*WORK INSTRUCTION*:
For the data below, give again exactly the lines from the one containing "l = colT T i]." through the one containing "move=> /andP[i_gt0 iN]", both ends included, and no others.

*DATA FOR PROCESSING*:
Lemma rst_same_col i : is_partition N la -> (0 < i < N)%N ->
  colT T i = colT T i.+1 -> rowT T i = (rowT T i.+1).+1.
Proof.
move=> la_part /andP[i_gt0 iN] c_eq; have ei : (0 < i <= N)%N by lia.
have ei1 : (0 < i.+1 <= N)%N by lia.
have r_neq : rowT T i != rowT T i.+1.
  by apply/eqP=> r_eq; have := rst_entry_inj ei ei1 r_eq c_eq; lia.
case: ltngtP r_neq => // r_lt _; first by have := rst_col_lt ei ei1 c_eq r_lt; lia.
case: (ltngtP (rowT T i) (rowT T i.+1).+1) => // gap; first lia.
have [[r_sh c_sh] [rN cN]] := (rst_in_shape ei, cellT_lt T ei).
have [l [el rl cl]] : exists l, [/\ (0 < l <= N)%N, rowT T l = (rowT T i.+1).+1
    & colT T l = colT T i].
  apply: rst_entry_at => //; first lia.
  rewrite /in_shape /=; apply/andP; split; first lia.
  by apply: leq_trans c_sh (partition_nth_le la_part _); lia.
have : (l < i.+1)%N by apply: (rst_col_lt ei1 el); rewrite ?cl ?c_eq ?rl.
have : (i < l)%N by apply: (rst_col_lt el ei); rewrite ?rl ?cl.
lia.
Qed.

Lemma rst_content_neq i : (0 < i < N)%N ->
  rowT T i != rowT T i.+1 -> CT T i != CT T i.+1.
Proof.
move=> /andP[i_gt0 iN] r_neq; apply/eqP => ct_eq.
suff lower_row_first x y : (0 < x <= N)%N -> (0 < y <= N)%N -> (x = y.+1 \/ y = x.+1) ->
    (rowT T x < rowT T y)%N -> CT T x = CT T y -> False.
  case: ltngtP r_neq => // r_lt _.
    by apply: (lower_row_first i i.+1) => //; lia.
  by apply: (lower_row_first i.+1 i) => //; lia.
move=> ex ey xy r_lt; rewrite /CT => ct_xy.
have [[r_sh c_sh] [rN cN]] := (rst_in_shape ey, cellT_lt T ey).
have [l [el rl cl]] : exists l, [/\ (0 < l <= N)%N, rowT T l = rowT T y
    & colT T l = colT T x].
  by apply: rst_entry_at => //; [have := cellT_lt T ex; lia | rewrite /in_shape r_sh /=; lia].
have : (y < l)%N by apply: (rst_row_lt el ey); rewrite ?rl ?cl; lia.
have : (l < x)%N by apply: (rst_col_lt ex el); rewrite ?rl ?cl.
lia.
Qed.

Lemma CT_N_eq0 : is_partition N la -> (0 < N)%N -> CT T N = 0%Z.
Proof.
move=> la_part N_gt0; have eN : (0 < N <= N)%N by rewrite N_gt0 leqnn.
have [[r_sh c_sh] [rN cN]] := (rst_in_shape eN, cellT_lt T eN).
have c0 : colT T N = 0%N.
  apply/eqP; rewrite -leqn0 leqNgt; apply/negP=> c_gt0.
  have [l [el rl cl]] : exists l, [/\ (0 < l <= N)%N, rowT T l = rowT T N & colT T l = 0%N].
    by apply: rst_entry_at => //; rewrite /in_shape r_sh /=; lia.
  have : (N < l)%N by apply: (rst_row_lt el eN); rewrite ?cl.
  lia.
have r0 : rowT T N = 0%N.
  apply/eqP; rewrite -leqn0 leqNgt; apply/negP=> r_gt0.
  have [l [el rl cl]] : exists l, [/\ (0 < l <= N)%N, rowT T l = 0%N & colT T l = colT T N].
    apply: rst_entry_at => //; rewrite /in_shape /=; apply/andP; split; first lia.
    by apply: leq_trans c_sh (partition_nth_le la_part _); lia.
  have : (N < l)%N by apply: (rst_col_lt el eN); rewrite ?rl.
  lia.
by rewrite /CT c0 r0.
Qed.

Lemma tswap_rst i : (0 < i < N)%N ->
  rowT T i != rowT T i.+1 -> colT T i != colT T i.+1 -> is_rst la (tswap T i i.+1).
Proof.
move=> /(tswap_tperm T) [a [b [ia ib ->]]].
rewrite /rowT /colT {1 3}ia ib !cellT_ord /= => r_ab c_ab.
have ab : (b : nat) = a.+1 by rewrite -ib ia.
case/and5P: T_rst => /injectiveP T_inj /forallP T_sh /forallP T_onto /forallP T_row /forallP T_col.
apply/and5P; split.
- by apply/injectiveP => x y; rewrite !ffunE => /T_inj/perm_inj.
- by apply/forallP => k; rewrite ffunE.
- apply/forallP => c; apply/implyP => /(implyP (T_onto c)) /codomP [k ->].
  by apply/codomP; exists (tperm a b k); rewrite ffunE tpermK.
- apply/forallP => k; apply/forallP => l; apply/implyP; rewrite !ffunE => same_row.
  have [//|[ka lb]] := tperm_succ_lt (l := l) (k := k) ab (implyP (forallP (T_row _) _) same_row).
  move: same_row; rewrite ka lb tpermL tpermR => /andP[/eqP/(congr1 val) r_eq].
  by rewrite r_eq eqxx in r_ab.
- apply/forallP => k; apply/forallP => l; apply/implyP; rewrite !ffunE => same_col.
  have [//|[ka lb]] := tperm_succ_lt (l := l) (k := k) ab (implyP (forallP (T_col _) _) same_col).
  move: same_col; rewrite ka lb tpermL tpermR => /andP[/eqP/(congr1 val) c_eq].
  by rewrite c_eq eqxx in c_ab.
Qed.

*YOUR SOLUTION*:
    & colT T l = colT T i].
  apply: rst_entry_at => //; first lia.
  rewrite /in_shape /=; apply/andP; split; first lia.
  by apply: leq_trans c_sh (partition_nth_le la_part _); lia.
have : (l < i.+1)%N by apply: (rst_col_lt ei1 el); rewrite ?cl ?c_eq ?rl.
have : (i < l)%N by apply: (rst_col_lt el ei); rewrite ?rl ?cl.
lia.
Qed.

Lemma rst_content_neq i : (0 < i < N)%N ->
  rowT T i != rowT T i.+1 -> CT T i != CT T i.+1.
Proof.
move=> /andP[i_gt0 iN] r_neq; apply/eqP => ct_eq.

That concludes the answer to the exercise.